Results and Discussion
Optimization of the multiplex protocol
The AmericaPlex26 assay was initially tested with default concentrations of 0.017 μM for each primer (3 μL of 25 μM stock) and 0.015 μM for each SBE primer (3 μL of 50 μM stock) to assess the generic efficiency of primers or probes when used in the multiplex assay. Twenty-two out of 26 SNP sites could be readily amplified, albeit with highly variable peak heights across the assay. Primers and probes for the four problematic SNP sites were each tested in singleplex PCR and SNaPshot reactions to ensure they performed individually as expected. If the SNP fragment were successfully amplified in the singleplex PCR, concentrations of the primer would be doubled in the following multiplex PCR reaction mix.
We chose 3000 relative fluorescence units (rfu) as a default average peak height based on the ancestral allele status observed in our European modern control sample (AC), and calculated the percentage difference between peaks and the 3000 rfu average. Multiplex primer concentrations were adjusted according to this percentage difference to allow amplification of problematic SNP sites and to balance the peak heights of those that did amplify. Based on poor performance of the primer pair chosen to amplify the C1b SNP site (A493G), we performed a second round of balancing primer concentration with a new primer pair for this site.

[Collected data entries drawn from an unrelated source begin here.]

(* Let $s\ge 2$. There exists a constant $c>0$ (depending on $s$) such that $A(L,\mathbf 0)=O(2^{-cL})$ as $L\to\infty$; that is, $\|t\|_{U^s[2^L]}^{2^s}=O(2^{-cL})$.
   Context: Let $t(n)=(-1)^{s_2(n)}$ be the Thue-Morse sequence ($s_2$ = binary digit sum). Write $[M]=\{0,\dots,M-1\}$ and $\omega\cdot\mathbf h=\sum_{i=1}^s\omega_ih_i$. $A(L,\mathbf 0)=\mathbb{E}_{n,\mathbf h}\prod_{\omega\in\{0,1\}^s}t(n+\omega\cdot\mathbf h)$, the expectation over all $n\in\mathbb{Z}$, $\mathbf h\in\mathbb{Z}^s$ with $\{n+\omega\cdot\mathbf h:\omega\in\{0,1\}^s\}\subset[2^L]$; this equals $\|t\|_{U^s[2^L]}^{2^s}$, the $2^s$-th power of the Gowers $U^s$ norm of $t$ on $[2^L]$. *)

From HB Require Import structures.
From mathcomp Require Import all_boot all_order all_algebra.
From mathcomp Require Import reals exp.
Set Implicit Arguments. Unset Strict Implicit. Unset Printing Implicit Defensive.
Import Order.TTheory GRing.Theory Num.Theory.
Local Open Scope ring_scope.

(* binary digit sum s_2(n): bit i of n is odd (n %/ 2^i); bits i > n vanish *)
Definition s2 (n : nat) : nat := (\sum_(i < n.+1) odd (n %/ 2 ^ i))%N.

(* Thue-Morse t(n) = (-1)^{s_2(n)}, for n : int (only n >= 0 is ever used:
   on negative integers we evaluate at |n|, which never occurs below). *)
Definition tm (R : ringType) (z : int) : R := (-1) ^+ s2 `|z|%N.

(* shift vector h in Z^s, encoded by k : 'I_s -> 'I_(2M) via h_i = k_i - M,
   i.e. h_i ranges over [-M, M-1], which contains every admissible h_i
   (admissibility forces |h_i| <= M-1). *)
Definition hvec (s M : nat) (k : {ffun 'I_s -> 'I_(2 * M)}) (i : 'I_s) : int :=
  (k i)%:Z - M%:Z.

Definition corner (s : nat) (n : int) (h : 'I_s -> int)
  (w : {ffun 'I_s -> bool}) : int :=
  n + \sum_(i < s) (w i)%:Z * h i.

Definition admissible (s M : nat) (n : int) (h : 'I_s -> int) : bool :=
  [forall w : {ffun 'I_s -> bool},
     (0 <= corner n h w) && (corner n h w < M%:Z)].

(* A(L,0) = E_{n,h} prod_omega t(n + omega.h), expectation over all admissible
   (n,h) in Z x Z^s with M = 2^L  (n ranges over [M] since omega = 0 is a corner) *)
Definition A0 (R : realType) (s L : nat) : R :=
  let M := (2 ^ L)%N in
  (\sum_(n < M) \sum_(k : {ffun 'I_s -> 'I_(2 * M)} | admissible M n%:Z (hvec k))
      \prod_(w : {ffun 'I_s -> bool}) tm R (corner n%:Z (hvec k) w))
  / (#|[set nk : 'I_M * {ffun 'I_s -> 'I_(2 * M)} |
         admissible M (nk.1 : nat)%:Z (hvec nk.2)]|)%:R.

From HB Require Import structures.
From mathcomp Require Import all_boot all_order all_algebra.
From mathcomp Require Import reals exp sequences.
From mathcomp Require Import zify ring lra.
Import Order.TTheory GRing.Theory Num.Theory.
Local Open Scope ring_scope.
Set Implicit Arguments. Unset Strict Implicit. Unset Printing Implicit Defensive.

(* Write G_L(q) for the sum defining A(L,0) in which t is replaced by its restriction to
   [0, 2^L) and each corner n + ω·h is shifted by q(ω) >= 0, so that A(L,0) is G_L(0) divided
   by the number of admissible (n, h). Splitting off the lowest m binary digits E of n and F of
   h, and using t(2^m y + r) = t(r) t(y) for r < 2^m, writes G_{L+m}(q) as a sum over the
   2^{m(s+1)} digit blocks (E, F) of a sign times G_L(carries). When every q(ω) < 2^k the
   carries are again < 2^k, and the blocks (0, 0) and (0, 2^k (1, 1, 2, ..., 2^{s-2})) both
   have carries 0 but opposite signs, because
     ∏_ω t(ω·(1, 1, 2, ..., 2^{s-2})) = ∏_{x < 2^{s-1}} t(x) t(x+1) = t(0) t(2^{s-1}) = -1.
   Hence |G_{L+m}| <= (2^{m(s+1)} - 2) max |G_L|, whereas there are at least 2^{(L-s)(s+1)}
   admissible (n, h): A(L,0) decays geometrically in L / m. *)

Lemma s2_sum n K : (n <= K)%N -> s2 n = (\sum_(i < K) odd (n %/ 2 ^ i))%N.
Proof.
have high_bits_vanish i : (n <= i)%N -> odd (n %/ 2 ^ i) = false.
  by move=> ni; rewrite divn_small // (leq_trans (ltn_expl n (ltnSn 1))) ?leq_exp2l.
have sum_low K' : (n <= K')%N ->
    (\sum_(i < K') odd (n %/ 2 ^ i) = \sum_(i < n) odd (n %/ 2 ^ i))%N.
  move=> nK; rewrite [RHS](big_ord_widen _ (fun i => nat_of_bool (odd (n %/ 2 ^ i))) nK).
  rewrite [RHS]big_mkcond; apply: eq_bigr => i _.
  by case: ltnP => // /high_bits_vanish ->.
by move=> nK; rewrite /s2 !sum_low.
Qed.

Lemma s2_odd_double (b : bool) y : s2 (b + 2 * y) = (b + s2 y)%N.
Proof.
have half : ((b + 2 * y) %/ 2 = y)%N.
  by rewrite addnC mulnC divnMDl // divn_small ?addn0 // ltnS leq_b1.
rewrite {1}/s2 big_ord_recl expn0 divn1 oddD oddM /= addbF.
rewrite (@s2_sum y (b + 2 * y)); last lia.
rewrite oddb; congr (_ + _)%N; apply: eq_bigr => i _.
by rewrite /bump add1n expnS divnMA half.
Qed.

Section ThueMorse.
Variable R : nzRingType.

Lemma tm0 : tm R 0%N = 1.
Proof. by rewrite /tm /s2 big_ord1. Qed.

Lemma tm_odd_double (b : bool) y : tm R (b + 2 * y)%N = (-1) ^+ b * tm R y.
Proof. by rewrite /tm s2_odd_double exprD. Qed.

Lemma tm1 : tm R 1%N = -1.
Proof. by rewrite -[1%N]/(true + 2 * 0)%N tm_odd_double tm0 mulr1. Qed.
Lemma extremal_5M_cnt M x : 1 <= M -> cnt (extremal_5M M) x (5 * M + 1) = 2 * M.
Proof.
  intros HM; unfold extremal_5M; rewrite cnt_periodize_period, cnt_pattern_tail
    by (intros; cbv beta in *; lia).
  replace (5 * M + 1 - 5 * (M - 1)) with 6 by lia; count_points.
Qed.

Lemma extremal_5M2_cnt M x : 1 <= M -> cnt (extremal_5M2 M) x (5 * M + 3) = 2 * M + 1.
Proof.
  intros HM; unfold extremal_5M2; rewrite cnt_periodize_period, cnt_pattern_tail
    by (intros; cbv beta in *; lia).
  replace (5 * M + 3 - 5 * M) with 3 by lia; count_points.
Qed.

Lemma extremal_5M3_cnt M x : 1 <= M -> cnt (extremal_5M3 M) x (5 * M + 4) = 2 * M + 1.
Proof.
  intros HM; unfold extremal_5M3; rewrite cnt_periodize_period, cnt_pattern_tail
    by (intros; cbv beta in *; lia).
  replace (5 * M + 4 - 5 * (M - 1)) with 9 by lia; count_points.
Qed.

Lemma extremal_5_cnt x : cnt extremal_5 x 5 = 2.
Proof.
  unfold extremal_5; rewrite cnt_periodize_period, cnt_pattern_tail
    by (intros; cbv beta in *; lia).
  count_points.
Qed.

Close Scope Z_scope.
Open Scope R_scope.

Lemma ind_indZ (A : Z -> Prop) (z : Z) : Defs.ind A z = IZR (indZ A z).
Proof. unfold Defs.ind, indZ; destruct excluded_middle_informative; reflexivity. Qed.

Lemma count_in_cnt (A : Z -> Prop) (N : nat) :
  count_in A N = IZR (cnt A (- Z.of_nat N) (Z.of_nat (2 * N + 1))).
Proof.
  unfold count_in, cnt; rewrite Nat2Z.id, Nat.add_1_r.
  induction (2 * N)%nat as [|L IH].
  - simpl; rewrite ind_indZ, Z.add_0_r; reflexivity.
  - rewrite tech5, IH; cbn [zsum]; rewrite !plus_IZR, ind_indZ.
    replace (Z.of_nat (S L) - Z.of_nat N)%Z with (- Z.of_nat N + Z.of_nat (S L))%Z by lia; ring.
Qed.

Lemma is_lim_seq_add_div_odd (l b : R) : is_lim_seq (fun N => l + b / (2 * INR N + 1)) l.
Proof.
  assert (Hinv : is_lim_seq (fun N => / (2 * INR N + 1)) 0).
  { apply (is_lim_seq_inv _ p_infty); [|discriminate].
    eapply is_lim_seq_le_p_loc; [|apply is_lim_seq_INR].
    exists O; intros N _; pose proof (pos_INR N); lra. }
  pose proof (is_lim_seq_plus' _ _ l (b * 0) (is_lim_seq_const l)
                (is_lim_seq_mult' _ _ b 0 (is_lim_seq_const b) Hinv)) as Hlim.
  rewrite Rmult_0_r, Rplus_0_r in Hlim; exact Hlim.
Qed.

Lemma count_ratio_dev (A : Z -> Prop) (n num : Z) (N : nat) : (0 < n)%Z ->
  count_in A N / (2 * INR N + 1) - IZR num / IZR n =
  IZR (n * cnt A (- Z.of_nat N) (Z.of_nat (2 * N + 1)) - num * Z.of_nat (2 * N + 1))
    / IZR n / (2 * INR N + 1).
Proof.
  intros Hn; pose proof (pos_INR N); pose proof (IZR_lt _ _ Hn).
  rewrite count_in_cnt, minus_IZR, !mult_IZR, <- INR_IZR_INZ, plus_INR, mult_INR.
  simpl (INR 2); simpl (INR 1); field; lra.
Qed.

Lemma IZR_div_le_compat (x y n : Z) (m : R) : (0 < n)%Z -> 0 < m -> (x <= y)%Z ->
  IZR x / IZR n / m <= IZR y / IZR n / m.
Proof.
  intros Hn Hm Hxy; unfold Rdiv.
  apply Rmult_le_compat_r; [left; apply Rinv_0_lt_compat; exact Hm|].
  apply Rmult_le_compat_r; [left; apply Rinv_0_lt_compat, IZR_lt; exact Hn|].
  apply IZR_le; exact Hxy.
Qed.

Lemma limsup_of_lim (u : nat -> R) (l : R) : is_lim_seq u l -> LimSup_seq u = l.
Proof. intros Hu; apply is_LimSup_seq_unique, is_lim_LimSup_seq, Hu. Qed.

Lemma density_le (A : Z -> Prop) (n num C : Z) : (0 < n)%Z ->
  (forall u T, n * cnt A u (Z.of_nat T) - num * Z.of_nat T <= C)%Z ->
  Rbar_le (density A) (IZR num / IZR n).
Proof.
  intros Hn HA; unfold density.
  rewrite <- (limsup_of_lim _ _ (is_lim_seq_add_div_odd (IZR num / IZR n) (IZR C / IZR n))).
  apply LimSup_le; exists O; intros N _.
  pose proof (count_ratio_dev A n num N Hn); pose proof (pos_INR N).
  pose proof (IZR_div_le_compat _ _ n (2 * INR N + 1) Hn ltac:(lra)
                (HA (- Z.of_nat N)%Z (2 * N + 1)%nat)).
  lra.
Qed.

Lemma density_eq (A : Z -> Prop) (n num C : Z) : (0 < n)%Z ->
  (forall u T, Z.abs (n * cnt A u (Z.of_nat T) - num * Z.of_nat T) <= C)%Z ->
  density A = IZR num / IZR n.
Proof.
  intros Hn HA; unfold density; apply limsup_of_lim.
  apply (is_lim_seq_le_le (fun N => IZR num / IZR n + IZR (- C) / IZR n / (2 * INR N + 1)) _
           (fun N => IZR num / IZR n + IZR C / IZR n / (2 * INR N + 1)));
    [intros N | apply is_lim_seq_add_div_odd | apply is_lim_seq_add_div_odd].
  pose proof (count_ratio_dev A n num N Hn); pose proof (pos_INR N).
  specialize (HA (- Z.of_nat N)%Z (2 * N + 1)%nat).
  set (dev := (n * cnt A _ _ - num * _)%Z) in *.
  pose proof (IZR_div_le_compat (- C) dev n (2 * INR N + 1) Hn ltac:(lra) ltac:(lia)).
  pose proof (IZR_div_le_compat dev C n (2 * INR N + 1) Hn ltac:(lra) ltac:(lia)).
  lra.
Qed.

Lemma indep_ratio_of_windows (S : Z -> Prop) (n num C : Z) (A0 : Z -> Prop) : (0 < n)%Z ->
  (forall A, independent S A ->
     forall u T, (zsum (fun x => cnt A x n) u T <= num * Z.of_nat T + C)%Z) ->
  independent S A0 -> (forall x, num <= cnt A0 x n)%Z ->
  indep_ratio S = Finite (IZR num / IZR n).
Proof.
  intros Hn Hwin HA0 Hcnt0; unfold indep_ratio; apply is_lub_Rbar_unique; split.
  - intros d [A [HA Hd]]; rewrite <- Hd.
    apply (density_le A n num (C + n * n) Hn); intros u T.
    pose proof (window_average A n u T ltac:(lia)); pose proof (Hwin A HA u T); lia.
  - intros b Hb; apply Hb; exists A0; split; [exact HA0|].
    apply (density_eq A0 n num (Z.abs C + n * n) Hn); intros u T.
    pose proof (window_average A0 n u T ltac:(lia)); pose proof (Hwin A0 HA0 u T).
    pose proof (zsum_ge_const _ _ u T Hcnt0); lia.
Qed.

Lemma indep_ratio_5M (M : Z) : (1 <= M)%Z ->
  indep_ratio (S14k (5 * M)) = Finite (IZR (2 * M) / IZR (5 * M + 1)).
Proof.
  intros HM; apply (indep_ratio_of_windows _ _ _ 0 (extremal_5M M)).
  - lia.
  - intros A HA u T.
    pose proof (zsum_le_const _ (2 * M) u T (fun x => window_5M_le M A x HM HA)); lia.
  - apply extremal_5M_indep; lia.
  - intros x; rewrite extremal_5M_cnt; lia.
Qed.

Lemma indep_ratio_5M2 (M : Z) : (1 <= M)%Z ->
  indep_ratio (S14k (5 * M + 2)) = Finite (IZR (2 * M + 1) / IZR (5 * M + 3)).
Proof.
  intros HM; apply (indep_ratio_of_windows _ _ _ 0 (extremal_5M2 M)).
  - lia.
  - intros A HA u T.
    pose proof (zsum_le_const _ (2 * M + 1) u T (fun x => window_5M2_le M A x HM HA)); lia.
  - apply extremal_5M2_indep; lia.
  - intros x; rewrite extremal_5M2_cnt; lia.
Qed.

Lemma indep_ratio_5M3 (M : Z) : (1 <= M)%Z ->
  indep_ratio (S14k (5 * M + 3)) = Finite (IZR (2 * M + 1) / IZR (5 * M + 4)).
Proof.
  intros HM; apply (indep_ratio_of_windows _ _ _ 6 (extremal_5M3 M)).
  - lia.
  - intros A HA; apply (zsum_discharge _ (indZ (tight M A))); [apply indZ_bounds|].
    exact (window_5M3_discharge M A HM HA).
  - apply extremal_5M3_indep; lia.
  - intros x; rewrite extremal_5M3_cnt; lia.
Qed.

Lemma indep_ratio_5 (k : Z) : (4 < k)%Z -> (k mod 5 = 1 \/ k mod 5 = 4)%Z ->
  indep_ratio (S14k k) = Finite (IZR 2 / IZR 5).
Proof.
  intros Hk Hkmod; apply (indep_ratio_of_windows _ _ _ 0 extremal_5).
  - lia.
  - intros A HA u T; pose proof (zsum_le_const _ 2 u T (cnt5_le k A HA)); lia.
  - apply extremal_5_indep; assumption.
  - intros x; rewrite extremal_5_cnt; lia.
Qed.

Theorem theorem32 (k : Z) : (4 < k)%Z ->
  indep_ratio (S14k k) =
  Finite (let kr := IZR k in
          match Z.modulo k 5 with
          | 0%Z => 2 * kr / (5 * kr + 5)
          | 1%Z => 2 / 5
          | 2%Z => (2 * kr + 1) / (5 * kr + 5)
          | 3%Z => (2 * kr - 1) / (5 * kr + 5)
          | _ => 2 / 5
          end).
Proof.
  intros Hk; cbv zeta.
  pose proof (Z.div_mod k 5 ltac:(lia)) as Hdiv; pose proof (Z.mod_pos_bound k 5 ltac:(lia)).
  set (M := (k / 5)%Z) in Hdiv.
  assert (HM : (1 <= M)%Z) by lia.
  assert (HMpos : 0 < IZR M) by (apply IZR_lt; lia).
  assert (Hr : (k mod 5 = 0 \/ k mod 5 = 1 \/ k mod 5 = 2 \/ k mod 5 = 3 \/ k mod 5 = 4)%Z) by lia.
  destruct Hr as [Hr | [Hr | [Hr | [Hr | Hr]]]]; rewrite Hr in *.
  - replace k with (5 * M)%Z by lia; rewrite indep_ratio_5M by exact HM.
    f_equal; rewrite !plus_IZR, !mult_IZR; field; lra.
  - rewrite indep_ratio_5 by lia; reflexivity.
  - replace k with (5 * M + 2)%Z by lia; rewrite indep_ratio_5M2 by exact HM.
    f_equal; rewrite !plus_IZR, !mult_IZR; field; lra.
  - replace k with (5 * M + 3)%Z by lia; rewrite indep_ratio_5M3 by exact HM.
    f_equal; rewrite !plus_IZR, !mult_IZR; field; lra.
  - rewrite indep_ratio_5 by lia; reflexivity.
Qed.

To further refine the balance in peak height, the concentration of some SBE extension primers was adjusted to the final recommended concentrations given in Table 1. Changes to probe concentrations resulted in a more balanced electropherogram and amplification of all 26 SNP sites using modern buccal swab and ancient DNA samples (Figure 2).
Sensitivity studies
The amount of mitochondrial DNA was measured for a modern sample (1,171,699 copies/μL) and four serial dilutions of 1∶10, 1∶100, 1∶1000 and 1∶10,000 using real-time quantitative PCR (Figure 3). A near complete SNP profile could be observed for serial dilutions up to 28,278 copies/μL DNA (1∶100), which is similar to other published multiplex assays [23], [24], [46].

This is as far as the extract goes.